Stored data entries:

□ □ □ □ □ □ □

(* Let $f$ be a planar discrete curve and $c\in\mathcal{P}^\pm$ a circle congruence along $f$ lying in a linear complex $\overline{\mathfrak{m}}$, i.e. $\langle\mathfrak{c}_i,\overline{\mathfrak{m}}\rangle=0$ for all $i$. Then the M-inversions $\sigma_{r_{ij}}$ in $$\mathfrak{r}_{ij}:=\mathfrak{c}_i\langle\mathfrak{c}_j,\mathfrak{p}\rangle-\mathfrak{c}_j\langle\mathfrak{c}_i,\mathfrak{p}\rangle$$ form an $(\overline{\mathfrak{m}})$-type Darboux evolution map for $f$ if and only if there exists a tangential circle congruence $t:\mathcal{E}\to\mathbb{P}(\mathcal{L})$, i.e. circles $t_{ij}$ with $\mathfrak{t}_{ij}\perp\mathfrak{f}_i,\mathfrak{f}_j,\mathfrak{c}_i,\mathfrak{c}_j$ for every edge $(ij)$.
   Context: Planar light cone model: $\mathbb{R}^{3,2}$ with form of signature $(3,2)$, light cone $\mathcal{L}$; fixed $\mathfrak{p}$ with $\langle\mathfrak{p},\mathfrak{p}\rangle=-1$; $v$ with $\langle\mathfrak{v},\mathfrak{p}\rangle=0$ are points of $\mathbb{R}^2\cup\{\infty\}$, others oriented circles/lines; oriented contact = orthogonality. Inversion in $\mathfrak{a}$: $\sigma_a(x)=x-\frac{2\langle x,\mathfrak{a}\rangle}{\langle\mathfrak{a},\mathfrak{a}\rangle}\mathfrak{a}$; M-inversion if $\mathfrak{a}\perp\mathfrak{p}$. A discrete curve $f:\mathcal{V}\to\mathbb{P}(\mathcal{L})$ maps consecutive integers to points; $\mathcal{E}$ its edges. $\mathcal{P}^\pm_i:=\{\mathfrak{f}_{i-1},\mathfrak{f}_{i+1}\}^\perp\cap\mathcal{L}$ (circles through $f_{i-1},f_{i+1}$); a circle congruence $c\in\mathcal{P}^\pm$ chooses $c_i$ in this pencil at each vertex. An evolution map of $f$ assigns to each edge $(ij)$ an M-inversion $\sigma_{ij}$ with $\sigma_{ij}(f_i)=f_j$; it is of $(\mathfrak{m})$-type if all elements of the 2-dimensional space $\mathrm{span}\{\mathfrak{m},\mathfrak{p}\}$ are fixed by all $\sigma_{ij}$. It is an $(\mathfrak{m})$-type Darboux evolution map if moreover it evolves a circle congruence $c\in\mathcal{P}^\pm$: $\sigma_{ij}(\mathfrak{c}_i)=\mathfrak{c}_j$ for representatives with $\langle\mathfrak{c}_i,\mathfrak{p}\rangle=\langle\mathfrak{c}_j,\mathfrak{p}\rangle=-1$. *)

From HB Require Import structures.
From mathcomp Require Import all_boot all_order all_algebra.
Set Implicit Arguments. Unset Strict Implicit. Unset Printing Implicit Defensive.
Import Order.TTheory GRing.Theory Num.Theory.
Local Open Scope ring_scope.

□ □ □ □ □ □ □

EXERCISE DESCRIPTION » Restate exactly, and only, every line from the one that contains "From mathcomp Require" through the last line of the records.

RESPONSE TO THIS TASK »
From mathcomp Require Import all_boot all_order all_algebra.
Set Implicit Arguments. Unset Strict Implicit. Unset Printing Implicit Defensive.
Import Order.TTheory GRing.Theory Num.Theory.
Local Open Scope ring_scope.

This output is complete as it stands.